Wiley (NYSE: WLY), one of the world’s largest publishers and a global leader in research and learning, today announced plans to further expand the prestigious Advanced Portfolio , a series of highly-regarded journals in materials science, physics, and engineering communities, into new areas of study in the life and health sciences.
Led by the flagship OA journal, Advanced Science, and the world-renowned Advanced Materials, the Advanced Portfolio currently encompasses 22 high-impact titles built and driven by a team of full-time, professional editors. This strategic expansion underscores Wileys dedication to advance knowledge at the intersection of disciplines and provide researchers with the resources they need to explore the complexities of modern science.
Wiley plans to launch six new Advanced titles in key health and life sciences fields, such as cell and molecular biology, oncology, neuroscience, and plant science by the end of 2026. In addition, the Advanced Portfolio is deepening its reach in the physical sciences, with a particular focus on chemistry and artificial intelligence (AI).
Wiley (press release)
JB: This press release is announcing the launch of 10 new journals: six in the biomedical sciences, two in AI and two in chemistry. Do you see a pattern emerging here? The key difference with the previous story, though, is that these journals are being touted as “high impact” journals with an in-house editorial team. Presumably Wiley is trying to fill out the top of its transfer cascade. This approach is very different from the high volume brand extension happening at Discover and Cureus, which sit at the bottom of the transfer pyramid at Springer Nature.
AIP Publishing announced today the latest addition in its open access portfolio, APL Computational Physics. The new journal is slated to open for submissions in early 2025.
APL Computational Physics will serve as a dynamic platform for the rapidly evolving landscape of physics where computational techniques are at the core of new research developments. It will provide a dedicated outlet for a wide range of computational models, methods, and simulations spanning the diverse domains of physics.
PLOS’s continued dedication to advancing Open Science, coupled with its groundbreaking innovation in publishing business models, reinforces its commitment to fostering research communication that is sustainable, accessible, and impactful for all. With support from the Gordon and Betty Moore Foundation and the Robert Wood Johnson Foundation, PLOS is embarking on a pioneering 18 month research and design project to address two significant barriers in Open Science:
1) Lack of recognition for contributions beyond the article—such as data, code, and methods.
2) Lack of affordability—current article processing charges (APCs) prevent many researchers from participating in Open Access.
Our project seeks to transform publishing models to ensure that science is open, recognized, and accessible to all, delivering meaningful change to the research community.
What’s key is that the Stacks Journal’s peer-review process happens in collaboration instead of isolation. This is how peer review and publishing used to work. For instance, in the nineteenth century, the Royal Society in London invited groups of scholars with expertise in specific topics to come together, debate new work and determine whether it would be published. Now, most journals have two reviewers who assess a manuscript separately. At the Stacks, we bring together communities of reviewers to collaborate. It’s double-blind, to ensure fairness, and reviewers can see each other’s comments and discuss whether they agree.

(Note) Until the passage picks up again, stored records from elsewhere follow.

(* Let $\mathfrak g$ be a finite-dimensional complex simple Lie algebra with dual Coxeter number $h^\vee$ and invariant form $\langle\cdot,\cdot\rangle$ normalized so that the Killing form equals $2h^\vee\langle\cdot,\cdot\rangle$; let $\{v^{(i)}\},\{w^{(i)}\}$ be dual bases of $\mathfrak g$ with respect to $\langle\cdot,\cdot\rangle$. Let $x\in\mathfrak g$ be nilpotent and $\kappa\ne -h^\vee$. Consider the Lie algebra with generators $a_m$ ($a\in\mathfrak g$ linear, $m\in\mathbb Z$) and relations $[a_m,b_n]=[a,b]_{m+n}+\delta_{m,-n}\kappa\langle [x,a]+ma,b\rangle$, and a module $M$ over it on which for every $v\in M$ and $a\in\mathfrak g$ we have $a_mv=0$ for $m\gg0$. Define on $M$ $$L_n=\frac{1}{2(\kappa+h^\vee)}\Big(\sum_i\sum_{m\in\mathbb Z}:v^{(i)}_m w^{(i)}_{n-m}:\;-\;\sum_i\big[[x,v^{(i)}],w^{(i)}\big]_n\Big),$$ where $:a_mb_k:=a_mb_k$ if $m<0$ and $:a_mb_k:=b_ka_m$ if $m\ge0$. Then for all $a\in\mathfrak g$ and $n\in\mathbb Z$, $$[L_{-1},a_n]=-n\,a_{n-1}-([x,a])_{n-1}.$$
   Context: This is the twisted Sugawara operator for the $g$-twisted mode algebra of the affine vertex algebra at level $\kappa$ with $g=e^{-2\pi i x}$ (the case of trivial semisimple part $s=0$). *)

From HB Require Import structures.
From mathcomp Require Import all_boot all_order all_algebra.
From mathcomp Require Import classical_sets fsbigop reals.
From mathcomp.real_closed Require Import complex.
Set Implicit Arguments. Unset Strict Implicit. Unset Printing Implicit Defensive.
Import Order.TTheory GRing.Theory Num.Theory.
Local Open Scope ring_scope.

Section Sugawara.
Variable R : realType.
Local Notation C := (R[i]).
Variable d : nat.
Local Notation g := 'rV[C]_d.

Definition lie_bracket (br : g -> g -> g) : Prop :=
  [/\ (forall k a b c, br (k *: a + b) c = k *: br a c + br b c),
      (forall k a b c, br a (k *: b + c) = k *: br a b + br a c),
      (forall a, br a a = 0) &
      (forall a b c, br a (br b c) + br b (br c a) + br c (br a b) = 0)].

Definition lie_ideal (br : g -> g -> g) (I : 'M[C]_d) : Prop :=
  forall a v, (v <= I)%MS -> (br a v <= I)%MS.

Definition lie_simple (br : g -> g -> g) : Prop :=
  (exists a b, br a b != 0) /\
  forall I : 'M[C]_d, lie_ideal br I -> \rank I = 0%N \/ \rank I = d.

Definition killing (br : g -> g -> g) (a b : g) : C :=
  \tr (lin1_mx (br a) *m lin1_mx (br b)).

Definition invariant_form (br : g -> g -> g) (form : g -> g -> C) : Prop :=
  [/\ (forall k a b c, form (k *: a + b) c = k * form a c + form b c),
      (forall a b, form a b = form b a),
      (forall a b c, form (br a b) c = form a (br b c)) &
      (forall a, (forall b, form a b = 0) -> a = 0)].

Definition lie_nilpotent (br : g -> g -> g) (x : g) : Prop :=
  exists k : nat, forall v, iter k (br x) v = 0.

Variable M : lmodType C.

(* M is a module over the (g = e^{-2 pi i x})-twisted mode algebra at level kappa:
   rho a m is the action of the generator a_m *)
Definition twisted_module (br : g -> g -> g) (form : g -> g -> C) (x : g)
  (kappa : C) (rho : g -> int -> M -> M) : Prop :=
  [/\ (forall k a b m u, rho (k *: a + b) m u = k *: rho a m u + rho b m u),
      (forall k a m u u', rho a m (k *: u + u') = k *: rho a m u + rho a m u'),
      (forall a b m n u,
          rho a m (rho b n u) - rho b n (rho a m u) =
          rho (br a b) (m + n) u
          + ((m == - n)%:R * kappa * form (br x a + m%:~R *: a) b) *: u) &
      (forall u a, exists N : int, forall m : int, N <= m -> rho a m u = 0)].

Taylor & Francis has today announced its first Subscribe to Open (S2O) pilot, one of several innovative options it is trialing to accelerate open access (OA) publishing. S2O enables a journal’s subscribers to support its conversion to OA, making new articles available to readers everywhere.
Taylor & Francis is inviting existing subscribers of the participating journals to renew their subscriptions for next year by March. If enough institutions support S2O in this way, all articles published in the 2025 volume will be open access. This process can then be repeated, one volume at a time, for the following years. If the required level of support is not achieved for any of the pilot titles, they will remain as subscription journals (with a hybrid OA option).

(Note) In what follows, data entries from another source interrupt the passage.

(* Let $k$ be a field of characteristic $\neq 2$, let $\mathfrak g$ be a central simple finite-dimensional Lie algebra over $k$, and let $A$ be a unital commutative associative $k$-algebra. Then every ideal of $\mathfrak g\otimes_k A$ is closed.
   Context: An ideal $\mathfrak a$ of a Lie algebra $L$ is closed if $Z(\mathfrak a):=\{x\in L:[x,L]\subseteq\mathfrak a\}$ equals $\mathfrak a$ (equivalently, $L/\mathfrak a$ has trivial center). $\mathfrak g\otimes_k A$ has bracket $[a\otimes f,b\otimes g]=[a,b]\otimes fg$. *)

From HB Require Import structures.
From mathcomp Require Import all_boot all_order all_algebra.
Set Implicit Arguments. Unset Strict Implicit. Unset Printing Implicit Defensive.
Import GRing.Theory.
Local Open Scope ring_scope.

Section Lie.
Variables (k : fieldType) (V : vectType k).

Definition is_lie_bracket (br : V -> V -> V) : Prop :=
  [/\ forall x, linear (br x),
      forall y, linear (br^~ y),
      forall x, br x x = 0
    & forall x y z, br x (br y z) + br y (br z x) + br z (br x y) = 0].

Definition lie_ideal_vs (br : V -> V -> V) (I : {vspace V}) : Prop :=
  forall x y, y \in I -> br x y \in I.

Definition lie_simple (br : V -> V -> V) : Prop :=
  (exists x y, br x y != 0) /\
  forall I : {vspace V}, lie_ideal_vs br I -> I = 0%VS \/ I = fullv.

Definition in_centroid (br : V -> V -> V) (f : V -> V) : Prop :=
  linear f /\ forall x y, f (br x y) = br x (f y).

Definition lie_central_simple (br : V -> V -> V) : Prop :=
  lie_simple br /\
  forall f, in_centroid br f -> exists c : k, forall v, f v = c *: v.

(* ---------- the current algebra g (x)_k A ----------
   Concrete model: with e := vbasis fullv a k-basis of V = g,
   g (x)_k A is the free A-module on e, i.e. {ffun 'I_(dim V) -> A},
   where x stands for \sum_i e_i (x) x i. *)
Variable A : comAlgType k.

Definition curr := {ffun 'I_(\dim (fullv : {vspace V})) -> A}.

Definition basisV : (\dim (fullv : {vspace V})).-tuple V := vbasis fullv.

(* [a (x) f, b (x) g] = [a,b] (x) fg, extended bilinearly *)
Definition curr_br (br : V -> V -> V) (x y : curr) : curr :=
  [ffun l => \sum_i \sum_j
     (coord basisV l (br (tnth basisV i) (tnth basisV j))) *: (x i * y j)].

Definition curr_zero : curr := [ffun => 0].
Definition curr_add (x y : curr) : curr := [ffun i => x i + y i].
Definition curr_scale (c : k) (x : curr) : curr := [ffun i => c *: x i].

Definition curr_ideal (br : V -> V -> V) (I : curr -> Prop) : Prop :=
  [/\ I curr_zero,
      forall x y, I x -> I y -> I (curr_add x y),
      forall c x, I x -> I (curr_scale c x)
    & forall x y, I y -> I (curr_br br x y)].

Definition Zid (br : V -> V -> V) (I : curr -> Prop) (x : curr) : Prop :=
  forall y, I (curr_br br x y).

Definition curr_closed (br : V -> V -> V) (I : curr -> Prop) : Prop :=
  forall x, Zid br I x <-> I x.

End Lie.

From HB Require Import structures.
From mathcomp Require Import all_boot all_order all_algebra.
From mathcomp Require Import zify.
From Stdlib Require Import Classical.
Set Implicit Arguments. Unset Strict Implicit. Unset Printing Implicit Defensive.
Import GRing.Theory.
Local Open Scope ring_scope.

(* Write x in g (x) A as sum_i e_i (x) x_i for a basis (e_i) of g.  The map
   q |-> sum_i q_i (x) x_i from g^n to g (x) A is g-equivariant, so the preimage
   P of an ideal I is a g-submodule of g^n, and x in Z(I) says that [y, e] lies
   in P for every y in g.  It thus suffices that a submodule P of g^n contains
   every q with [g, q] in P.  This goes by induction on the support of q: the
   last coordinates of the admissible vectors form an ideal of g, hence are 0
   or all of g, and in the latter case q_i, a sum of brackets [y, z] since g is
   perfect, can be peeled off one bracket at a time. *)

Lemma vspace_of_closed_pred (k : fieldType) (W : vectType k) (S : W -> Prop) :
  S 0 -> (forall u v, S u -> S v -> S (u + v)) -> (forall c u, S u -> S (c *: u)) ->
  exists U : {vspace W}, forall v, v \in U <-> S v.
Proof.
move=> S0 SD SZ.
suff grow (U : {vspace W}) : (forall u, u \in U -> S u) ->
    exists U' : {vspace W}, forall v, v \in U' <-> S v.
  by apply: (grow 0%VS) => u; rewrite memv0 => /eqP ->.
have [m] := ubnP (\dim {:W} - \dim U); elim: m U => // m IH U codimU US.
have [[v Sv vU] | noS] := classic (exists2 v, S v & v \notin U); last first.
  exists U => v; split=> [/US // | Sv]; apply: contraT => vU.
  by case: noS; exists v.
apply: (IH (U + <[v]>)%VS); last first.
  move=> _ /memv_addP [u uU [_ /vlineP [c ->] ->]].
  exact: SD (US u uU) (SZ c v Sv).
have ltU : (\dim U < \dim (U + <[v]>))%N.
  rewrite (ltn_leqif (dimv_leqif_sup (addvSl U <[v]>))); apply: contra vU => /subvP.
  by apply; apply: subvP (addvSr U _) _ (memv_line v).
have := dimvS (subvf (U + <[v]>)%VS); lia.
Qed.

Section LieBracket.
Variables (k : fieldType) (V : vectType k) (br : V -> V -> V).
Hypothesis br_lie : is_lie_bracket br.

Lemma br_linr x : linear (br x). Proof. by case: br_lie. Qed.
Lemma br_linl y : linear (br^~ y). Proof. by case: br_lie. Qed.

Lemma brDr x : {morph br x : u v / u + v}.
Proof. exact: (GRing.semilinear_linear (br_linr x)).2. Qed.
Lemma brDl y : {morph br^~ y : u v / u + v}.
Proof. exact: (GRing.semilinear_linear (br_linl y)).2. Qed.
Lemma brZr x a : {morph br x : v / a *: v}.
Proof. exact: scalable_linear (br_linr x) a. Qed.
Lemma brZl y a : {morph br^~ y : v / a *: v}.
Proof. exact: scalable_linear (br_linl y) a. Qed.
Lemma br0r x : br x 0 = 0.
Proof. by apply: (addrI (br x 0)); rewrite -brDr !addr0. Qed.
Lemma br0l y : br 0 y = 0.
Proof. by apply: (addrI (br 0 y)); rewrite -brDl !addr0. Qed.

Lemma br_sumr x (I : Type) (r : seq I) (P : pred I) (F : I -> V) :
  br x (\sum_(i <- r | P i) F i) = \sum_(i <- r | P i) br x (F i).
Proof. exact: (big_morph (br x) (brDr x) (br0r x)). Qed.

Lemma br_suml y (I : Type) (r : seq I) (P : pred I) (F : I -> V) :
  br (\sum_(i <- r | P i) F i) y = \sum_(i <- r | P i) br (F i) y.
Proof. exact: (big_morph (br^~ y) (brDl y) (br0l y)). Qed.

Lemma br_anticomm x y : br x y = - br y x.
Proof.
case: br_lie => _ _ alt _; apply/eqP; rewrite -addr_eq0.
by have := alt (x + y); rewrite brDl !brDr !alt add0r addr0 => ->.
Qed.

End LieBracket.

Section SimpleLie.
Variables (k : fieldType) (V : vectType k) (br : V -> V -> V).
Hypothesis br_lie : is_lie_bracket br.
Hypothesis br_simple : lie_simple br.

Lemma lie_simple_ideal_dichotomy (S : V -> Prop) :
  S 0 -> (forall u v, S u -> S v -> S (u + v)) -> (forall c u, S u -> S (c *: u)) ->
  (forall x v, S v -> S (br x v)) ->
  (forall v, S v -> v = 0) \/ (forall v, S v).
Proof.
move=> S0 SD SZ Sbr; have [U USE] := vspace_of_closed_pred S0 SD SZ.
have [_ /(_ U) []] := br_simple; first by move=> x y /USE Sy; apply/USE/Sbr.
  by move=> U0; left=> v /USE; rewrite U0 memv0 => /eqP.
by move=> U1; right=> v; apply/USE; rewrite U1 memvf.
Qed.

Inductive bracket_sum : V -> Prop :=
| bracket_sum0 : bracket_sum 0
| bracket_sumD y z v : bracket_sum v -> bracket_sum (br y z + v).

Lemma bracket_sum_br y z : bracket_sum (br y z).
Proof. by rewrite -[br y z]addr0; apply/bracket_sumD/bracket_sum0. Qed.

Lemma lie_simple_perfect v : bracket_sum v.
Proof.
have sumD u w : bracket_sum u -> bracket_sum w -> bracket_sum (u + w).
  by elim=> [|y z u' _ IH] sw; rewrite ?add0r // -addrA; apply/bracket_sumD/IH.
have sumZ c u : bracket_sum u -> bracket_sum (c *: u).
  elim=> [|y z u' _ IH]; first by rewrite scaler0; apply: bracket_sum0.
  by rewrite scalerDr -brZr //; apply: bracket_sumD.
have [sum0 | //] := lie_simple_ideal_dichotomy bracket_sum0 sumD sumZ
  (fun x v _ => bracket_sum_br x v).
have [[x [y /negP xy]] _] := br_simple.
by case: xy; apply/eqP/sum0/bracket_sum_br.
Qed.

End SimpleLie.

Section DiagonalModule.
Variables (k : fieldType) (V : vectType k) (br : V -> V -> V) (n : nat).
Local Notation F := {ffun 'I_n -> V}.

Definition diag_ad (y : V) (q : F) : F := [ffun j => br y (q j)].

Record diag_submodule (P : F -> Prop) : Prop := DiagSubmodule {
  submod0 : P 0;
  submodD : forall p q, P p -> P q -> P (p + q);
  submodZ : forall c q, P q -> P (c *: q);
  submod_ad : forall y q, P q -> P (diag_ad y q)
}.

Lemma submodB P p q : diag_submodule P -> P p -> P q -> P (p - q).
Proof. by move=> P_sub Pp Pq; rewrite -scaleN1r; apply/(submodD P_sub)/(submodZ P_sub). Qed.

Definition supported_below (m : nat) (q : F) := forall j : 'I_n, (m <= j)%N -> q j = 0.

Lemma diag_submoduleI P1 P2 :
  diag_submodule P1 -> diag_submodule P2 -> diag_submodule (fun q => P1 q /\ P2 q).
Proof.
case=> [P1_0 P1D P1Z P1ad] [P2_0 P2D P2Z P2ad]; split=> //.
- by move=> p q [? ?] [? ?]; split; [apply: P1D | apply: P2D].
- by move=> c q [? ?]; split; [apply: P1Z | apply: P2Z].
- by move=> y q [? ?]; split; [apply: P1ad | apply: P2ad].
Qed.

Hypothesis br_lie : is_lie_bracket br.

Lemma supported_below_submodule m : diag_submodule (supported_below m).
Proof.
split=> [j _ | p q sp sq j mj | c q sq j mj | y q sq j mj]; rewrite !ffunE.
- by [].
- by rewrite sp ?sq ?addr0.
- by rewrite sq ?scaler0.
- by rewrite sq ?br0r.
Qed.

Lemma ad_preimage_submodule P :
  diag_submodule P -> diag_submodule (fun q => forall y, P (diag_ad y q)).
Proof.
move=> P_sub; split=> [y | p q Pp Pq y | c q Pq y | z q Pq y].
- suff -> : diag_ad y 0 = 0 by exact: submod0.
  by apply/ffunP => j; rewrite !ffunE br0r.
- suff -> : diag_ad y (p + q) = diag_ad y p + diag_ad y q by exact: submodD.
  by apply/ffunP => j; rewrite !ffunE brDr.
- suff -> : diag_ad y (c *: q) = c *: diag_ad y q by exact: submodZ.
  by apply/ffunP => j; rewrite !ffunE brZr.
- exact: submod_ad.
Qed.

Hypothesis br_simple : lie_simple br.

Lemma diag_submodule_coord R (i : 'I_n) : diag_submodule R ->
  (forall q, R q -> q i = 0) \/ (forall v, exists2 q, R q & q i = v).
Proof.
case=> [R0 RD RZ Rad]; pose S v := exists2 q, R q & q i = v.
have S0 : S 0 by exists 0; rewrite ?ffunE.
have SD u v : S u -> S v -> S (u + v).
  by move=> [p Rp <-] [q Rq <-]; exists (p + q); rewrite ?ffunE //; apply: RD.
have SZ c v : S v -> S (c *: v).
  by move=> [q Rq <-]; exists (c *: q); rewrite ?ffunE //; apply: RZ.
have Sbr x v : S v -> S (br x v).
  by move=> [q Rq <-]; exists (diag_ad x q); rewrite ?ffunE //; apply: Rad.
have [S_0 | S_all] := lie_simple_ideal_dichotomy br_simple S0 SD SZ Sbr; last by right.
by left=> q Rq; apply: S_0; exists q.
Qed.

Section AdPreimage.
Variable P : F -> Prop.
Hypothesis P_sub : diag_submodule P.

Lemma ad_preimage_supported m q :
  (forall y, P (diag_ad y q)) -> supported_below m q -> P q.
Proof.
elim: m q => [|m IH] q adq supp_q.
  suff -> : q = 0 by exact: submod0.
  by apply/ffunP => j; rewrite ffunE supp_q.
have [lt_mn | le_nm] := ltnP m n; last first.
  by apply: IH => // j mj; exfalso; have := ltn_ord j; lia.
pose i := Ordinal lt_mn.
have drop_i p : supported_below m.+1 p -> p i = 0 -> supported_below m p.
  move=> supp_p pi j; rewrite leq_eqVlt => /orP [/eqP mj | ]; last exact: supp_p.
  by have -> : j = i by apply: val_inj.
pose R p := (forall y, P (diag_ad y p)) /\ supported_below m.+1 p.
have R_sub : diag_submodule R := diag_submoduleI
  (ad_preimage_submodule P_sub) (supported_below_submodule m.+1).
have [coord0 | coord_onto] := diag_submodule_coord i R_sub.
  by apply: IH (drop_i _ supp_q (coord0 q (conj adq supp_q))).
suff sum_case : forall v, bracket_sum br v -> forall p, R p -> p i = v -> P p.
  exact: sum_case (lie_simple_perfect br_lie br_simple (q i)) q (conj adq supp_q) erefl.
move=> v; elim=> [|y z v' _ IHv] p [adp supp_p] piv.
  exact: IH (drop_i _ supp_p piv).
have [pz Rpz pzi] := coord_onto z.
rewrite -[p](subrK (diag_ad y pz)); apply: (submodD P_sub _ (Rpz.1 y)).
apply: IHv; first exact: submodB R_sub (conj adp supp_p) (submod_ad R_sub y Rpz).
by rewrite !ffunE piv pzi addrC addKr.
Qed.

End AdPreimage.

Lemma diag_submodule_closed P q :
  diag_submodule P -> (forall y, P (diag_ad y q)) -> P q.
Proof.
move=> P_sub adq; apply: (ad_preimage_supported P_sub (m := n)) => // j.
by rewrite leqNgt ltn_ord.
Qed.

End DiagonalModule.

Section CurrentAlgebra.
Variables (k : fieldType) (V : vectType k) (br : V -> V -> V) (A : comAlgType k).
Hypothesis br_lie : is_lie_bracket br.
Local Notation n := (\dim {:V}).
Local Notation e i := (tnth (basisV V) i).
Local Notation coordV := (coord (basisV V)).

(* With x = sum_i e_i (x) x_i, [curr_subst x q] is sum_i q_i (x) x_i. *)
Definition curr_subst (x : curr V A) (q : {ffun 'I_n -> V}) : curr V A :=
  [ffun l => \sum_i coordV l (q i) *: x i].

Definition tens1 (y : V) : curr V A := [ffun i => coordV i y *: 1].

Lemma curr_subst0 x : curr_subst x 0 = curr_zero V A.
Proof. by apply/ffunP => l; rewrite !ffunE big1 // => i _; rewrite ffunE linear0 scale0r. Qed.

Lemma curr_substD x p q :
  curr_subst x (p + q) = curr_add (curr_subst x p) (curr_subst x q).
Proof.
apply/ffunP => l; rewrite !ffunE -big_split; apply: eq_bigr => i _.
by rewrite ffunE linearD scalerDl.
Qed.

Lemma curr_substZ x c q : curr_subst x (c *: q) = curr_scale c (curr_subst x q).
Proof.
apply/ffunP => l; rewrite !ffunE scaler_sumr; apply: eq_bigr => i _.
by rewrite ffunE linearZ scalerA.
Qed.

Lemma curr_subst_basis x : curr_subst x [ffun i => e i] = x.
Proof.
have e_free : free (basisV V) := basis_free (vbasisP fullv).
apply/ffunP => l; rewrite ffunE (bigD1 l) //= big1 ?addr0 => [|i /negbTE il].
  by rewrite ffunE (tnth_nth 0) coord_free // eqxx scale1r.
by rewrite ffunE (tnth_nth 0) coord_free // il scale0r.
Qed.

Lemma coord_br l y w :
  coordV l (br y w) = \sum_i \sum_j (coordV i y * coordV j w) * coordV l (br (e i) (e j)).
Proof.
rewrite {1}(coord_vbasis (memvf y)) {1}(coord_vbasis (memvf w)).
rewrite br_suml // linear_sum; apply: eq_bigr => i _.
rewrite brZl // linearZ /= br_sumr // linear_sum mulr_sumr; apply: eq_bigr => j _.
by rewrite brZr // linearZ /= !(tnth_nth 0) mulrA.
Qed.

Lemma curr_subst_ad x y q :
  curr_subst x (diag_ad br y q) = curr_br br (tens1 y) (curr_subst x q).
Proof.
apply/ffunP => l; rewrite !ffunE.
under eq_bigr => m _ do rewrite ffunE coord_br scaler_suml.
rewrite exchange_big /=; apply: eq_bigr => i _.
under eq_bigr => m _ do rewrite scaler_suml.
rewrite exchange_big /=; apply: eq_bigr => j _.
rewrite !ffunE -scalerAl mul1r scalerA scaler_sumr; apply: eq_bigr => m _.
by rewrite !scalerA; congr (_ *: _); rewrite mulrC !mulrA.
Qed.

Lemma curr_brC (x y : curr V A) : curr_br br x y = curr_scale (-1) (curr_br br y x).
Proof.
apply/ffunP => l; rewrite !ffunE exchange_big scaler_sumr; apply: eq_bigr => i _.
rewrite scaler_sumr; apply: eq_bigr => j _.
by rewrite br_anticomm // linearN /= [x _ * _]mulrC scaleNr scaleN1r.
Qed.

Lemma curr_subst_preimage_submodule (I : curr V A -> Prop) x :
  curr_ideal br I -> diag_submodule br (fun q => I (curr_subst x q)).
Proof.
case=> I0 ID IZ Ibr; split=> [|p q Ip Iq|c q Iq|y q Iq].
- by rewrite curr_subst0.
- by rewrite curr_substD; apply: ID.
- by rewrite curr_substZ; apply: IZ.
- by rewrite curr_subst_ad; apply: Ibr.
Qed.

End CurrentAlgebra.

Theorem corollary4p4 (k : fieldType) (V : vectType k) (br : V -> V -> V)
  (A : comAlgType k) :
  (2 \notin [pchar k])%N ->
  is_lie_bracket br ->
  lie_central_simple br ->
  forall I : curr V A -> Prop, curr_ideal br I -> curr_closed br I.
Proof.
move=> _ br_lie [br_simple _] I I_ideal x; have [_ _ IZ Ibr] := I_ideal.
split=> [Zx | Ix y]; last by rewrite curr_brC //; apply/IZ/Ibr.
rewrite -(curr_subst_basis x).
apply: (diag_submodule_closed br_lie br_simple
  (curr_subst_preimage_submodule br_lie x I_ideal)) => y.
by rewrite curr_subst_ad // curr_subst_basis curr_brC //; apply/IZ/Zx.
Qed.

Taylor & Francis (press release)
JB: The three journals in the pilot are: Technical Services Quarterly, Legal Reference Services Quarterly and LGBT Issues in Counseling. T&F publishes 2700 journals.
You might expect lots of separate clusters to emerge as distinct academic families. But it turns out that almost all Nobel laureates share some connection, however distant, as represented by this sprawling network.
An incredible 702 out of 736 researchers who have won science and economics prizes up to 2023 are part of the same academic family — connected by an academic link in common somewhere in their history.
Nature (Kerri Smith & Chris Ryan)
JB: This “immersive” news story is very well done.
A study of nearly 400,000 scientists across 38 countries finds that one-third of them quit science within five years of authoring their first paper, and almost half leave within a decade.
The analysis, published in Higher Education, used data from the citation database Scopus to track scientists’ scholarly publishing careers — a proxy for how active they are in research. It found that, overall, women were more likely than men to stop publishing, but the size of this difference varied between disciplines.
With the Frankfurt Book Fair fast approaching, I’m thrilled to officially announce the launch of Midnight at the Casablanca — a brand-new long-form interview podcast! Join me as I sit down with some of the brightest minds and most influential figures in scholarly publishing. Together, we’ll explore their personal journeys through this centuries-old industry and dive into how they’ve navigated the unprecedented transformations seen over the past few decades.
LinkedIn (Paul Peters)
JB: I’ve added this to Overcast (the best podcasting app, in my opinion).
It appears the term ‘paper mill’ may fail to fully capture the diversity and scale of activities overseen by these hydra-like conglomerates. Moreover, the high-level view of these networks that we’ve unraveled suggests an extraordinary ability to adapt and the capability for aggressive growth – a picture of a resilient enterprise. With so many functionally identical business fronts operating concurrently, those operating the network need not worry if one business is identified publicly, one professional society shuts down or one journal is de-indexed; plenty will remain to fill its place.
Retraction Watch (Reese Richardson, Spencer Hong, and Luís A Nunes Amaral)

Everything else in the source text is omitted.